| Data under study |
(* If a spectrahedral cone $K\subseteq\mathbb{R}^n$ contains the positive orthant $\mathbb{R}_+^n$, then $K$ admits a normalized spectrahedral representation.
   Context: For real symmetric $k\times k$ matrices $C=\{C_i\}_{i\in[n]}$, $K_C=\{x\in\mathbb{R}^n:\sum_iC_ix_i\succeq0\}$; $C$ is a spectrahedral representation of $K_C$, and a cone of this form is spectrahedral. A representation $K=\{x:\sum_iC_ix_i\succeq0\}$ is normalized if $\sum_{i=1}^nC_i=\mathrm{Id}_k$ and $C_i\succeq0$ for all $i$ (the matrix size $k$ may differ from that of the original representation). *)

From mathcomp Require Import all_boot all_order all_algebra.
From mathcomp Require Import reals.
Set Implicit Arguments. Unset Strict Implicit. Unset Printing Implicit Defensive.
Import Order.TTheory GRing.Theory Num.Theory.
Local Open Scope ring_scope.

Definition symmx (R : realType) (k : nat) (A : 'M[R]_k) : Prop := A^T = A.

Definition psd (R : realType) (k : nat) (A : 'M[R]_k) : Prop :=
  symmx A /\ forall v : 'cV[R]_k, 0 <= (v^T *m A *m v) 0 0.

Definition pencil (R : realType) (n k : nat) (C : 'I_n -> 'M[R]_k) (x : 'I_n -> R)
  : 'M[R]_k := \sum_(i < n) x i *: C i.

Definition specCone (R : realType) (n k : nat) (C : 'I_n -> 'M[R]_k)
  : (('I_n -> R) -> Prop) := fun x => psd (pencil C x).

Definition normalized (R : realType) (n k : nat) (C : 'I_n -> 'M[R]_k) : Prop :=
  (forall i, psd (C i)) /\ \sum_(i < n) C i = 1%:M.

(* Each C_i is PSD (evaluate the pencil at the unit vectors), hence so is
   S = sum_i C_i.  Factor S = F^T F with F of full row rank, i.e. F P = 1 for
   some P, and put D_i = P^T C_i P: these are PSD and sum to (F P)^T (F P) = 1.
   Since S (1 - P F) = 0 and the C_i are PSD, every C_i, hence every pencil
   matrix M, satisfies M P F = M; for symmetric M this gives
   M = F^T (P^T M P) F, so M and P^T M P are PSD simultaneously. *)

From mathcomp Require Import all_boot all_order all_algebra.
From mathcomp Require Import reals.
From mathcomp Require Import ring lra.
Set Implicit Arguments. Unset Strict Implicit. Unset Printing Implicit Defensive.
Import Order.TTheory GRing.Theory Num.Theory.
Local Open Scope ring_scope.

Section PsdMatrices.
Variable R : realType.

Definition qform k (A : 'M[R]_k) (v : 'cV[R]_k) : R := (v^T *m A *m v) 0 0.

Lemma psd_qform_ge0 k (A : 'M[R]_k) v : psd A -> 0 <= qform A v.
Proof. by case=> _; apply. Qed.

Lemma qform_congr k m (A : 'M[R]_k) (Q : 'M[R]_(k, m)) v :
  qform (Q^T *m A *m Q) v = qform A (Q *m v).
Proof. by rewrite /qform trmx_mul !mulmxA. Qed.

Lemma symmx_congr k m (A : 'M[R]_k) (Q : 'M[R]_(k, m)) :
  symmx A -> symmx (Q^T *m A *m Q).
Proof. by move=> sA; rewrite /symmx !trmx_mul trmxK sA mulmxA. Qed.

Lemma psd_congr k m (A : 'M[R]_k) (Q : 'M[R]_(k, m)) :
  psd A -> psd (Q^T *m A *m Q).
Proof.
move=> pA; split=> [|v]; first by apply: symmx_congr; case: pA.
by rewrite -/(qform _ v) qform_congr psd_qform_ge0.
Qed.

Lemma qform_sum (I : finType) k (A : I -> 'M[R]_k) v :
  qform (\sum_i A i) v = \sum_i qform (A i) v.
Proof. by rewrite /qform mulmx_sumr mulmx_suml summxE. Qed.

Lemma psd_sum (I : finType) k (A : I -> 'M[R]_k) :
  (forall i, psd (A i)) -> psd (\sum_i A i).
Proof.
move=> pA; split=> [|v].
  by rewrite /symmx linear_sum; apply: eq_bigr => i _; case: (pA i).
by rewrite -/(qform _ v) qform_sum sumr_ge0 // => i _; apply: psd_qform_ge0.
Qed.

Lemma qform_block m k (A : 'M[R]_m) (b : 'M[R]_(m, k)) (S : 'M[R]_k) x y :
  qform (block_mx A b b^T S) (col_mx x y) =
  qform A x + 2 * (x^T *m b *m y) 0 0 + qform S y.
Proof.
rewrite /qform tr_col_mx mul_row_block mul_row_col !mulmxDl.
have -> : y^T *m b^T *m x = (x^T *m b *m y)^T by rewrite !trmx_mul trmxK mulmxA.
by rewrite !mxE; ring.
Qed.

Lemma qform_block1 k a (b : 'rV[R]_k) (S : 'M[R]_k) t y :
  qform (block_mx a%:M b b^T S) (col_mx t%:M y) =
  a * t ^+ 2 + 2 * t * (b *m y) 0 0 + qform S y.
Proof.
rewrite qform_block /qform tr_scalar_mx mul_scalar_mx mul_mx_scalar.
rewrite mul_scalar_mx -scalemxAl !mxE /= mulr1n; ring.
Qed.

Lemma symmx_block1 k a (b c : 'rV[R]_k) (S : 'M[R]_k) :
  symmx (block_mx a%:M b c^T S) -> c = b /\ symmx S.
Proof.
by rewrite /symmx tr_block_mx trmxK => /eq_block_mx[_ cb _ sS].
Qed.

Section Block1.
Variables (k : nat) (a : R) (b : 'rV[R]_k) (S : 'M[R]_k).
Hypothesis pB : psd (block_mx a%:M b b^T S).

Let qB t y : 0 <= a * t ^+ 2 + 2 * t * (b *m y) 0 0 + qform S y.
Proof. by rewrite -qform_block1 psd_qform_ge0. Qed.

Lemma psd_block1_ge0 : 0 <= a.
Proof. by have := qB 1 0; rewrite mulmx0 mxE /qform trmx0 !mul0mx mxE; lra. Qed.

Lemma psd_block1_drsub : psd S.
Proof.
split; first by case: pB => /symmx_block1[].
by move=> y; have := qB 0 y; rewrite -/(qform S y); lra.
Qed.

Lemma psd_block1_corner0 : a = 0 -> b = 0.
Proof.
move=> a0; apply/rowP => j; rewrite mxE.
have := qB _ (delta_mx j 0); rewrite a0.
set beta := (b *m _) 0 0; have -> : beta = b 0 j by rewrite /beta -colE mxE.
move=> {beta} q; apply/eqP/negPn/negP => bj.
set g := qform S _ in q.
have := q (- (g + 1) / (2 * b 0 j)).
have -> : 2 * (- (g + 1) / (2 * b 0 j)) * b 0 j = - (g + 1) by field.
lra.
Qed.

Lemma psd_schur1 : 0 < a -> psd (S - a^-1 *: (b^T *m b)).
Proof.
move=> a_gt0; have a_neq0 : a != 0 by rewrite gt_eqF.
split.
  by rewrite /symmx raddfB /= linearZ /= trmx_mul trmxK; case: psd_block1_drsub => ->.
move=> y; rewrite -/(qform _ y); set beta := (b *m y) 0 0.
have -> : qform (S - a^-1 *: (b^T *m b)) y = qform S y - a^-1 * beta ^+ 2.
  rewrite /qform /beta mulmxBr mulmxBl -scalemxAr -scalemxAl.
  have -> : y^T *m (b^T *m b) *m y = (b *m y)^T *m (b *m y) by rewrite trmx_mul !mulmxA.
  by rewrite [b *m y]mx11_scalar tr_scalar_mx -scalar_mxM !mxE /= mulr1n expr2.
have := qB (- a^-1 * beta) y.
have -> : a * (- a^-1 * beta) ^+ 2 + 2 * (- a^-1 * beta) * beta = - (a^-1 * beta ^+ 2).
  by field.
lra.
Qed.

End Block1.

Lemma psd_block1E k (A : 'M[R]_(1 + k)) :
  psd A -> A = block_mx (ulsubmx A 0 0)%:M (ursubmx A) (ursubmx A)^T (drsubmx A).
Proof.
case=> sA _; rewrite -mx11_scalar.
have := sA; rewrite -{1}(submxK A) /symmx tr_block_mx => /eq_block_mx[_ _ -> _].
by rewrite submxK.
Qed.

(* Cholesky elimination of the first row: a zero pivot forces a zero row, a
   positive pivot leaves the Schur complement to be factored recursively. *)
Lemma psd_factor k (A : 'M[R]_k) : psd A ->
  exists r (F : 'M[R]_(r, k)) (P : 'M[R]_(k, r)), A = F^T *m F /\ F *m P = 1%:M.
Proof.
elim: k A => [|k IH] A pA; first by exists 0%N, 0, 0; split; apply/matrixP => -[].
move: A pA; change k.+1 with (1 + k)%N => A pA.
have eA := psd_block1E pA; move: eA pA.
move: (ulsubmx A 0 0) (ursubmx A) (drsubmx A) => a b S -> pB.
have := psd_block1_ge0 pB; rewrite le_eqVlt eq_sym => /predU1P[a0|a_gt0].
- have [r [F [P [SF FP]]]] := IH S (psd_block1_drsub pB).
  exists r, (row_mx 0 F), (col_mx 0 P); split; last by rewrite mul_row_col mul0mx add0r.
  rewrite tr_row_mx mul_col_row trmx0 !mul0mx mulmx0 -SF a0 (psd_block1_corner0 pB a0).
  by rewrite trmx0 raddf0.
- have [r [F [P [SF FP]]]] := IH _ (psd_schur1 pB a_gt0).
  set s := Num.sqrt a.
  have s_neq0 : s != 0 by rewrite gt_eqF // sqrtr_gt0.
  have ss : s * s = a by rewrite -expr2 sqr_sqrtr // ltW.
  exists (1 + r)%N, (block_mx s%:M (s^-1 *: b) 0 F).
  exists (block_mx (s^-1)%:M (- a^-1 *: (b *m P)) 0 P); split.
    rewrite tr_block_mx mulmx_block !trmx0 !mul0mx !mulmx0 ?addr0 ?add0r tr_scalar_mx -SF.
    congr block_mx.
    + by rewrite -scalar_mxM ss.
    + by rewrite mul_scalar_mx scalerA mulfV // scale1r.
    + by rewrite mul_mx_scalar linearZ /= scalerA mulfV // scale1r.
    + rewrite linearZ /= [(s^-1 *: b)^T]linearZ /= -scalemxAl scalerA -invfM ss.
      by rewrite addrC subrK.
  rewrite mulmx_block !mul0mx !mulmx0 ?addr0 ?add0r FP (scalar_mx_block 1 r).
  congr block_mx.
  + by rewrite -scalar_mxM mulfV.
  + rewrite mul_scalar_mx scalerA -scalemxAl -scalerDl.
    have -> : s * - a^-1 + s^-1 = 0 by rewrite -ss; field.
    by rewrite scale0r.
Qed.

Lemma trmx_mul_self_eq0 m (u : 'cV[R]_m) : (u^T *m u) 0 0 = 0 -> u = 0.
Proof.
rewrite mxE => u0; apply/colP => i; rewrite mxE.
have sq_ge0 (j : 'I_m) : true -> 0 <= u^T 0 j * u j 0 by rewrite mxE -expr2 sqr_ge0.
have := psumr_eq0P sq_ge0 u0 (i := i) isT.
by rewrite mxE -expr2 => /eqP; rewrite sqrf_eq0 => /eqP.
Qed.

Lemma psd_qform_eq0 k (A : 'M[R]_k) z : psd A -> qform A z = 0 -> A *m z = 0.
Proof.
move=> /psd_factor[r [G [_ [-> _]]]].
rewrite /qform !mulmxA -trmx_mul -mulmxA => /trmx_mul_self_eq0 Gz.
by rewrite -mulmxA Gz mulmx0.
Qed.

Lemma psd_sum_mul_eq0 (I : finType) k m (A : I -> 'M[R]_k) (Z : 'M[R]_(k, m)) :
  (forall i, psd (A i)) -> (\sum_i A i) *m Z = 0 -> forall i, A i *m Z = 0.
Proof.
move=> pA SZ i; apply/matrixP => p j; rewrite [RHS]mxE.
pose z : 'cV_k := Z *m delta_mx j 0.
have qz : \sum_i qform (A i) z = 0.
  rewrite -qform_sum /qform -mulmxA /z [(\sum_i A i) *m _]mulmxA SZ.
  by rewrite !mul0mx mulmx0 mxE.
have qAz : qform (A i) z = 0.
  by apply: (psumr_eq0P _ qz) => // i' _; apply: psd_qform_ge0.
move: (psd_qform_eq0 (pA i) qAz) => /matrixP/(_ p 0).
by rewrite mulmxA -colE !mxE.
Qed.

Lemma psd_retractE k r (M : 'M[R]_k) (F : 'M[R]_(r, k)) (P : 'M[R]_(k, r)) :
  symmx M -> M *m (P *m F) = M -> psd M <-> psd (P^T *m M *m P).
Proof.
move=> sM MPF; split; first exact: psd_congr.
have FPM : F^T *m P^T *m M = M by rewrite -{1}sM -!trmx_mul MPF sM.
by move=> /(psd_congr F); rewrite !mulmxA FPM -mulmxA MPF.
Qed.

End PsdMatrices.

Section Pencil.
Variables (R : realType) (n k : nat) (C : 'I_n -> 'M[R]_k).

Lemma pencil_sym x : (forall i, symmx (C i)) -> symmx (pencil C x).
Proof.
move=> sC; rewrite /symmx /pencil linear_sum; apply: eq_bigr => i _.
by rewrite linearZ /= sC.
Qed.

Lemma pencil_congr m (Q : 'M[R]_(k, m)) x :
  pencil (fun i => Q^T *m C i *m Q) x = Q^T *m pencil C x *m Q.
Proof.
rewrite /pencil mulmx_sumr mulmx_suml; apply: eq_bigr => i _.
by rewrite -scalemxAr scalemxAl.
Qed.

Lemma pencil_mulmx_id (Q : 'M[R]_k) x :
  (forall i, C i *m Q = C i) -> pencil C x *m Q = pencil C x.
Proof.
move=> CQ; rewrite /pencil mulmx_suml; apply: eq_bigr => i _.
by rewrite -scalemxAl CQ.
Qed.

Lemma pencil_delta i : pencil C (fun j => (j == i)%:R) = C i.
Proof.
rewrite /pencil (bigD1 i) //= eqxx scale1r big1 ?addr0 // => j /negbTE ->.
by rewrite scale0r.
Qed.

End Pencil.

Theorem lemma12 (R : realType) (n k : nat) (C : 'I_n -> 'M[R]_k) :
  (forall i, symmx (C i)) ->
  (forall x : 'I_n -> R, (forall i, 0 <= x i) -> specCone C x) ->
  exists (k' : nat) (D : 'I_n -> 'M[R]_k'),
    (forall i, symmx (D i)) /\ normalized D /\
    (forall x : 'I_n -> R, specCone C x <-> specCone D x).
Proof.
move=> sC orthant.
have pC i : psd (C i) by rewrite -pencil_delta; apply: orthant => j; apply: ler0n.
have [r [F [P [SF FP]]]] := psd_factor (psd_sum pC).
have CPF i : C i *m (P *m F) = C i.
  apply/eqP; rewrite -subr_eq0 -{2}[C i]mulmx1 -mulmxBr; apply/eqP.
  apply: psd_sum_mul_eq0 => //.
  by rewrite SF -mulmxA mulmxBr mulmx1 !mulmxA FP mul1mx subrr mulmx0.
exists r, (fun i => P^T *m C i *m P); split; last split.
- by move=> i; apply: symmx_congr.
- split; first by move=> i; apply: psd_congr.
  by rewrite -mulmx_suml -mulmx_sumr SF !mulmxA -trmx_mul -mulmxA FP trmx1 mul1mx.
- move=> x; rewrite /specCone pencil_congr.
  by apply: psd_retractE; [apply: pencil_sym | apply: pencil_mulmx_id].
Qed.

| Goal of the exercise |
An exact copy of the lines above, from the one containing "have -> : qform" through the one containing "have -> : y^T *m (b^T", is the whole of the answer.

| Exercise output |
have -> : qform (S - a^-1 *: (b^T *m b)) y = qform S y - a^-1 * beta ^+ 2.
  rewrite /qform /beta mulmxBr mulmxBl -scalemxAr -scalemxAl.
  have -> : y^T *m (b^T *m b) *m y = (b *m y)^T *m (b *m y) by rewrite trmx_mul !mulmxA.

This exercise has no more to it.